Sister to adjoining Michelin-starred Galvin La Chapelle, Galvin HOP Bistrot & Bar has been re-invented for 2019, recently equipped with a meat and cheese counter and a new menu.
Modelled on the fashionable bistrot and bars of Paris and New York, the Spitalfields restaurant continues to serve brothers Chris and Jeff Galvin’s high-standard of food while acting as a less formal alternative to the likes of La Chapelle or Galvin at Windows on the 28th floor of the Hilton Hotel on Park Lane. Here, the new menu has a prominent focus on cheese and charcuterie from the UK, Italy, France and Spain.
On the introduction of the restaurant’s new meat and cheese counter, co-founder Chris Galvin said: “Charcuterie has changed beyond all measure in the last five years. In particular, there has been a growth of high-quality produce both imported and home grown that just hasn’t been previously available in the UK. We hand source our artisanal meats and unpasteurised cheeses from suppliers we’ve known personally for a long time. Served with pickles and the finest breads on an olive board, this is a great way to eat at any time of the day.”
In addition to the new focus on charcuterie, the wine list also features a number of natural and organic wines, each available alongside a selection of wines on tap, classic and creative cocktails, and Pilsner Urquell unpasteurised beer that’s stored in copper tanks, delivered weekly from the Czech Republic. Alongside the copper tanks acting as an interior feature, the space is also bedecked with a pewter-topped bar and unclothed tables. In keeping with the food and interiors, service is similarly relaxed, albeit efficient.

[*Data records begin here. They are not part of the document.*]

Lemma det2_sumr p (I : finType) (w : I -> R) (X : I -> point R) :
  det2 p (\sum_i w i *: X i) = \sum_i w i * det2 p (X i).
Proof.
rewrite (big_morph (det2 p) (det2Dr p) (det20r p)).
by apply: eq_bigr => i _; rewrite det2Zr.
Qed.

Lemma det2_cramer u v w : det2 v w *: u + det2 w u *: v + det2 u v *: w = 0.
Proof.
apply/rowP => j; rewrite !mxE /det2.
have [->|->] : j = 0 \/ j = 1.
  by case: j => [[|[|//]] ?]; [left|right]; apply: val_inj.
all: ring.
Qed.

Lemma det2_plucker u v w x :
  det2 v w * det2 x u + det2 w u * det2 x v + det2 u v * det2 x w = 0.
Proof. by rewrite /det2; ring. Qed.

Lemma neq0_lt0E (x : R) : x != 0 -> (x < 0) = ~~ (0 < x).
Proof. by move=> nx; rewrite ltNge le_eqVlt eq_sym (negbTE nx). Qed.

Lemma neq0_oppr_gt0E (x : R) : x != 0 -> (0 < - x) = ~~ (0 < x).
Proof. by move=> nx; rewrite oppr_gt0 neq0_lt0E. Qed.

Lemma neq0_mulr_gt0E (a b : R) :
  a != 0 -> b != 0 -> (0 < a * b) = ((0 < a) == (0 < b)).
Proof.
move=> na nb; have [ha|ha] := boolP (0 < a); first by rewrite pmulr_rgt0.
by rewrite nmulr_rgt0 ?neq0_lt0E //; case: (0 < b).
Qed.

Lemma sum3_eq0_mixed_sign {a b c : R} : a + b + c = 0 ->
  a != 0 -> b != 0 -> c != 0 -> ~~ (((0 < a) == (0 < b)) && ((0 < b) == (0 < c))).
Proof.
move=> abc0 na nb nc.
have [ha|ha] := boolP (0 < a); have [hb|hb] := boolP (0 < b);
  have [hc|hc] := boolP (0 < c) => //=.
  by have := addr_gt0 (addr_gt0 ha hb) hc; rewrite abc0 ltxx.
have : 0 < - a - b - c by rewrite !addr_gt0 ?neq0_oppr_gt0E.
by rewrite -!opprD abc0 oppr0 ltxx.
Qed.

(* For [p], [q], [r] pairwise non-collinear with 0, this says that 0 lies in
   the interior of the triangle [pqr]. *)
Definition in_tri0 p q r :=
  ((0 < det2 p q) == (0 < det2 q r)) && ((0 < det2 q r) == (0 < det2 r p)).

Lemma in_tri0_rot p q r : in_tri0 p q r = in_tri0 q r p.
Proof.
by rewrite /in_tri0; case: (0 < det2 p q); case: (0 < det2 q r); case: (0 < det2 r p).
Qed.

Lemma in_tri0_replace {u v w x : point R} :
  det2 u v != 0 -> det2 v w != 0 -> det2 w u != 0 ->
  det2 x u != 0 -> det2 x v != 0 -> det2 x w != 0 ->
  in_tri0 u v w -> [|| in_tri0 x v w, in_tri0 u x w | in_tri0 u v x].
Proof.
move=> nuv nvw nwu nxu nxv nxw.
have := sum3_eq0_mixed_sign (det2_plucker u v w x) (mulf_neq0 nvw nxu)
  (mulf_neq0 nwu nxv) (mulf_neq0 nuv nxw).
rewrite !neq0_mulr_gt0E // /in_tri0 (det2C x w) (det2C x v) (det2C x u).
rewrite !neq0_oppr_gt0E //.
by case: (0 < det2 u v); case: (0 < det2 v w); case: (0 < det2 w u);
  case: (0 < det2 x u); case: (0 < det2 x v); case: (0 < det2 x w).
Qed.
(* The points [(t + i) / (t - i)], [t : nat], are distinct and lie on the circle. *)
Lemma poly_unit_circle_eq0 (p : {poly C}) :
  (forall z : C, `|z| = 1 -> p.[z] = 0) -> p = 0.
Proof.
move=> p_circle; apply/eqP; apply/negPn/negP => p_neq0.
pose u (t : nat) : C := t%:R + 'i.
have u_conj t : (u t)^* = t%:R - 'i by rewrite /u rmorphD /= conjC_nat conjCi.
have u_norm t : u t * (u t)^* = (t ^ 2).+1%:R.
  rewrite u_conj /u.
  have -> : (t%:R + 'i) * (t%:R - 'i) = t%:R ^+ 2 - 'i ^+ 2 :> C by ring.
  by rewrite sqrCi opprK -natrX -natr1.
have uc_neq0 t : (u t)^* != 0.
  apply: contraTneq isT => uc0; have := u_norm t.
  by rewrite uc0 mulr0 => /esym/eqP; rewrite pnatr_eq0.
have u_neq0 t : u t != 0 by rewrite -conjC_eq0.
pose z (t : nat) : C := u t / (u t)^*.
have z_norm t : `|z t| = 1.
  by rewrite /z normrM normrV ?unitfE // norm_conjC mulfV // normr_eq0.
have z_inj : injective z.
  move=> s t e.
  have : u s * (u t)^* = u t * (u s)^*.
    have := congr1 (fun w => w * (u s)^* * (u t)^*) e.
    by rewrite /z divfK // mulrAC divfK // mulrC.
  rewrite !u_conj /u => /eqP; rewrite -subr_eq0.
  have -> : (s%:R + 'i) * (t%:R - 'i) - (t%:R + 'i) * (s%:R - 'i) =
    2%:R * 'i * (t%:R - s%:R) :> C by ring.
  by rewrite !mulf_eq0 pnatr_eq0 /= (negPf (neq0Ci C)) /= subr_eq0 eqr_nat => /eqP.
pose rs := [seq z t | t <- iota 0 (size p)].
have rs_roots : all (root p) rs.
  by apply/allP => w /mapP [t _ ->]; apply/rootP; apply: p_circle.
have rs_uniq : uniq rs by rewrite map_inj_uniq // iota_uniq.
by have := max_poly_roots p_neq0 rs_roots rs_uniq; rewrite size_map size_iota ltnn.
Qed.

Lemma poly_mx_unit_circle_eq0 m n (Q : 'M[{poly C}]_(m, n)) :
  (forall z : C, `|z| = 1 -> map_mx (horner_eval z) Q = 0) -> Q = 0.
Proof.
move=> Q_circle; apply/matrixP => i j; rewrite [RHS]mxE.
apply: poly_unit_circle_eq0 => z z1.
by have := congr1 (fun M : 'M[C]_(m, n) => M i j) (Q_circle z z1); rewrite !mxE.
Qed.

End UnitDisc.

Section PolyMatrixCancel.
Variable F : idomainType.

Lemma coprimep_scalemx_eq0 n p q (a b : {poly F}) (E G : 'M[{poly F}]_(p, q)) :
  size a = n.+1 -> coprimep a b -> (forall i j, size (E i j) <= n)%N ->
  b *: E = a *: G -> E = 0.
Proof.
move=> size_a cop_ab size_E bE_aG; apply/matrixP => i j; rewrite mxE.
have := congr1 (fun M : 'M[{poly F}]_(p, q) => M i j) bE_aG; rewrite !mxE => e.
apply/eqP; apply: contraT => E_neq0.
have : a %| E i j by rewrite -(Gauss_dvdpr _ cop_ab) e dvdp_mulIl.
by move/(dvdp_leq E_neq0); rewrite size_a => /leq_trans/(_ (size_E i j)); rewrite ltnn.
Qed.

Lemma scalemx_polyC_mx_eq0 n p q (a : {poly F}) (W : 'M[F]_(p, q)) :
  size a = n.+1 -> (forall i j, size ((a *: polyC_mx W) i j) <= n)%N -> W = 0.
Proof.
move=> size_a size_aW; apply/matrixP => i j; rewrite mxE.
apply/eqP; apply: contraT => W_neq0.
by have := size_aW i j; rewrite !mxE mulrC mul_polyC size_scale // size_a ltnn.
Qed.

(* [char_poly_mx A] and [rev_char_poly_mx A] both have the shape of [M]; the
   identity [adj M * M = det M] links [N A^j B] to [Y j] and [Y j.+1]. *)
Section AdjointPowers.
Variables (n p q : nat) (M : 'M[{poly F}]_n) (alpha beta : {poly F}).
Variables (A : 'M[F]_n) (N : 'M[F]_(p, n)) (B : 'M[F]_(n, q)).
Hypothesis defM : M = alpha%:M - beta *: polyC_mx A.

Let Y j := polyC_mx N *m \adj M *m polyC_mx (A ^+ j *m B).
Lemma l2norm2_delta (T : countType) (x : T) : l2norm2 (delta R x) = 1%E.
Proof.
rewrite /l2norm2.
transitivity (\esum_(t in [set x]) (sqmod (delta R x t))%:E)%E.
  rewrite [RHS]esum_mkcond; apply: eq_esum => t _.
  rewrite /delta; case: (eqVneq t x) => [->|ne]; first by rewrite mem_set.
  by rewrite memNset ?sqmod0 // => tx; move: ne; rewrite tx eqxx.
by rewrite esum_set1 ?lee_fin ?sqmod_ge0 // /delta eqxx sqmod1.
Qed.

Lemma is_l2_delta (T : countType) (x : T) : is_l2 (delta R x).
Proof. by rewrite /is_l2 l2norm2_delta ltry. Qed.

Lemma l2norm2_ge_pt (T : countType) (f : T -> R[i]) t :
  ((sqmod (f t))%:E <= l2norm2 f)%E.
Proof.
apply: esum_ge; exists [set t]%classic; first by split => //; exact: finite_set1.
by rewrite fsbig_set1.
Qed.

End L2.

Section PropagationModule.
Variables (R : realType) (X Y : countType).
Implicit Types (d : X + Y -> X + Y -> R) (T : (X -> R[i]) -> (Y -> R[i])).

Lemma finite_propagation_M_Yd d T :
  bounded_op T -> finite_propagation d T -> M_Yd d T.
Proof.
move=> bT fpT; split => // eps _; exists T; split => // f _.
have -> : (fun y => T f y - T f y) = fun=> 0 by apply/funext => y; rewrite subrr.
by rewrite l2norm2_zero mule_ge0 ?l2norm2_ge0 // lee_fin sqr_ge0.
Qed.

(* The matrix entries (delta_y, T delta_x) of T in M_{Y,d} become small
   when d(x, y) is large: T is close to an operator with vanishing entries
   there. *)
Lemma M_Yd_entries_small d T eps : M_Yd d T -> 0 < eps ->
  exists L, forall x y, L <= d (inl x) (inr y) ->
    sqmod (T (delta R x) y) <= eps ^+ 2.
Proof.
move=> [_ approxT] eps_gt0; have [S [_ [L propS] closeS]] := approxT eps eps_gt0.
exists L => x y farxy.
have := le_trans (l2norm2_ge_pt _ y) (closeS _ (is_l2_delta R x)).
by rewrite l2norm2_delta mule1 propS // subr0 lee_fin.
Qed.

Lemma propagation_le_transfer d1 d2 (phi : R -> R) T L :
  (forall s t, 0 <= s -> s <= t -> phi s <= phi t) ->
  (forall z z', d2 z z' <= phi (d1 z z')) ->
  (forall z z', 0 <= d1 z z') ->
  propagation_le d1 T L -> propagation_le d2 T (phi (Num.max L 0) + 1).
Proof.
move=> phi_mono d2_le d1_ge0 propT x y far2; apply: propT.
rewrite leNgt; apply/negP => near1.
have : d2 (inl x) (inr y) <= phi (Num.max L 0).
  by apply: le_trans (d2_le _ _) (phi_mono _ _ (d1_ge0 _ _) _); rewrite le_max ltW.
lra.
Qed.

Lemma M_Yd_transfer d1 d2 (phi : R -> R) T :
  (forall s t, 0 <= s -> s <= t -> phi s <= phi t) ->
  (forall z z', d2 z z' <= phi (d1 z z')) ->
  (forall z z', 0 <= d1 z z') ->
  M_Yd d1 T -> M_Yd d2 T.
Proof.
move=> phi_mono d2_le d1_ge0 [bT approxT]; split => // eps eps_gt0.
have [S [bS [L propS] closeS]] := approxT eps eps_gt0; exists S; split => //.
by exists (phi (Num.max L 0) + 1); exact: propagation_le_transfer propS.
Qed.

End PropagationModule.

(* For injective families u : I -> X and v : I -> Y, the partial isometry
   sending delta_{u i} to delta_{v i}; 'pinv inverts v on its range. *)
Section Transport.
Variables (R : realType) (X Y : countType) (I : choiceType) (i0 : I).
Variables (u : I -> X) (v : I -> Y).
Hypotheses (u_inj : injective u) (v_inj : injective v).

Definition transport (f : X -> R[i]) (y : Y) : R[i] :=
  if y \in range v then f (u ('pinv_(fun=> i0) [set: I] v y)) else 0.

Lemma transport_image f i : transport f (v i) = f (u i).
Proof.
rewrite /transport mem_set; last by exists i.
by rewrite pinvKV ?in_setT // => a b _ _; exact: v_inj.
Qed.

Lemma transport_outside f y : ~ range v y -> transport f y = 0.
Proof. by move=> notv; rewrite /transport memNset. Qed.

Lemma transport_delta_support x y :
  transport (delta R x) y != 0 -> exists i, x = u i /\ y = v i.
Proof.
have [[i _ <-]|notv] := pselect (range v y); last by rewrite transport_outside ?eqxx.
rewrite transport_image /delta.
by case: (eqVneq (u i) x) => [<-|_]; [exists i | rewrite eqxx].
Qed.

Lemma transport_propagation d L :
  (forall i, d (inl (u i)) (inr (v i)) < L) -> propagation_le d transport L.
Proof.
move=> near x y far; apply/eqP/contraT => /transport_delta_support [i [ex ey]].
by have := near i; rewrite -ex -ey; lra.
Qed.

(* The transport operator is a contraction, by reindexing the sums along v and u. *)
Lemma transport_norm f : (l2norm2 (transport f) <= l2norm2 f)%E.
Proof.
rewrite /l2norm2.
have -> : (\esum_(y in [set: Y]) (sqmod (transport f y))%:E =
           \esum_(y in range v) (sqmod (transport f y))%:E)%E.
  rewrite [RHS]esum_mkcond; apply: eq_esum => y _.
  have [yv|notv] := pselect (range v y); first by rewrite mem_set.
  by rewrite memNset // transport_outside // sqmod0.
rewrite esum_image; last by move=> a b _ _; exact: v_inj.
under eq_esum do rewrite transport_image.
rewrite -(esum_image _ u (fun x => (sqmod (f x))%:E)); last first.
  by move=> a b _ _; exact: u_inj.
rewrite [X in (X <= _)%E]esum_mkcond; apply: le_esum => x _.
by case: ifP => _ //; rewrite lee_fin sqmod_ge0.
Qed.

Lemma transport_bounded : bounded_op transport.
Proof.
split.
- by move=> f; rewrite /is_l2 => f_l2; apply: le_lt_trans f_l2; exact: transport_norm.
- move=> a f g _ _; apply/funext => y; rewrite /transport.
  by case: ifP => _ //; rewrite mulr0 addr0.
- by exists 1 => f _; rewrite mul1e; exact: transport_norm.
Qed.

End Transport.

Lemma sparse_sequence (R : realType) (A : Type) (P : A -> Prop) (s : A -> R)
    (c : R) :
  0 <= c -> (forall B, exists a, P a /\ B < s a) ->
  exists a : nat -> A,
    [/\ forall k, P (a k), forall k, k%:R < s (a k) &
        forall j k, (j < k)%N -> s (a j) + c < s (a k)].
Proof.
move=> c_ge0 unbounded; have [g gP] := choice unbounded.
pose a k := iter k (fun b => g (s b + c + 1)) (g 0).
have step k : s (a k) + c + 1 < s (a k.+1) := (gP _).2.
exists a; split.
- by case=> [|k]; exact: (gP _).1.
- elim=> [|k IH]; first exact: (gP 0).2.
  by rewrite -natr1; have := step k; lra.
- move=> j; elim=> // k IH; rewrite ltnS leq_eqVlt => /orP[/eqP->|/IH jk].
    by have := step k; lra.
  by have := step k; lra.
Qed.

Lemma injective_of_lt_neq (A : Type) (w : nat -> A) :
  (forall j k, (j < k)%N -> w j <> w k) -> injective w.
Proof.
move=> neq j k e; case: (ltngtP j k) => // jk; first by case: (neq _ _ jk).
by case: (neq _ _ jk).
Qed.

Definition ball_bounded (R : realType) (Z : Type) (d1 d2 : Z -> Z -> R) (n : R)
  : Prop :=
  exists B, forall z z', d2 z z' <= n -> d1 z z' <= B.

Section TwoMetrics.
Variables (R : realType) (X Y : countType) (d1 d2 : X + Y -> X + Y -> R).
Hypotheses (m1 : is_metric d1) (m2 : is_metric d2).
Hypothesis agreeX : forall x x', d1 (inl x) (inl x') = d2 (inl x) (inl x').
Hypothesis agreeY : forall y y', d1 (inr y) (inr y') = d2 (inr y) (inr y').

(* If d1 is unbounded on d2-balls of radius n, the unboundedness is
   witnessed by pairs (x, y) in X * Y, since d1 = d2 on X and on Y. *)
Lemma far_pairs n : ~ ball_bounded d1 d2 n ->
  forall B, exists p : X * Y,
    d2 (inl p.1) (inr p.2) <= n /\ B < d1 (inl p.1) (inr p.2).
Proof.
case: m1 => [_ _ _ d1_sym _]; case: m2 => [_ _ _ d2_sym _].
move=> unbounded B; apply: contrapT => nofar; apply: unbounded.
exists (Num.max B n) => z z' near2; rewrite leNgt gt_max; apply/negP => /andP[far1 gtn].
case: z z' near2 far1 gtn => [x|y] [x'|y'] near2 far1 gtn.
- by rewrite agreeX in gtn; lra.
- by apply: nofar; exists (x, y').
- by apply: nofar; exists (x', y); rewrite /= d1_sym d2_sym.
- by rewrite agreeY in gtn; lra.
Qed.

Lemma separated_pairs_distinct n x y x' y' :
  d2 (inl x) (inr y) <= n -> d2 (inl x') (inr y') <= n ->
  d1 (inl x) (inr y) + 2 * n < d1 (inl x') (inr y') -> x <> x' /\ y <> y'.
Proof.
case: m1 => [_ _ _ _ d1_tri]; case: m2 => [_ _ _ d2_sym d2_tri].
move=> near near' sep; split => [ex|ey].
- have := d1_tri (inl x) (inr y) (inr y'); have := d2_tri (inr y) (inl x) (inr y').
  by rewrite agreeY (d2_sym (inr y) (inl x)) -ex in near' sep *; lra.
- have := d1_tri (inl x') (inl x) (inr y); have := d2_tri (inl x') (inr y) (inl x).
  by rewrite agreeX (d2_sym (inr y) (inl x)) -ey in near' sep *; lra.
Qed.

From the new menu, a recent lunch began with a charcuterie and farmhouse cheese board. With meats and cheeses sourced from Lyon and The Ham and Cheese Co. in Bermondsey – who carefully source produce from small Italian artisans – the jewel in the board’s crown was a rocher of gloriously insalubrious pork rillettes. Slices of peppery Jesus de Lyon, fatty coppa, and faintly salty Prosciutto Marchigiano also featured; plus a wedge of comté and pliable Morbier: all outstanding, delightfully paired with a glass of ‘I wish I was a ninja’ pet nat from South Africa.
To follow, a slab of suckling pig belly was deftly cooked, crowned with a sheet of brittle crackling, accompanied by smoked mashed potato with light, wispy consistency – foamy, almost – and a devilishly rich sauce spiked with Pedro Ximinez. Baked trout, on the other hand, featured a thick tranche of fish with blushing flesh and crispy skin, served over a garden of vivid green peas, pea tendrils and ribbons of wild garlic, drizzled with a subtle butter sauce empowered by lardons of Alsace bacon. A modern iteration of a brasserie classic, ideal for spring. Also seasonally appropriate, a simple dessert combined sweet, juicy Gariguette strawberries complemented by a whisper of basil and crushed pistachio nuts.
“We’ve put a lot of effort into researching the needs of our customers who might be local residents, city workers or destination diners,” added Chris Galvin. “The re-imagined Galvin HOP is already wildly popular but we never stop looking at areas we can improve.”
Galvin HOP can be found at Bishops Square, 35 Spital Square, London, E1 6DY.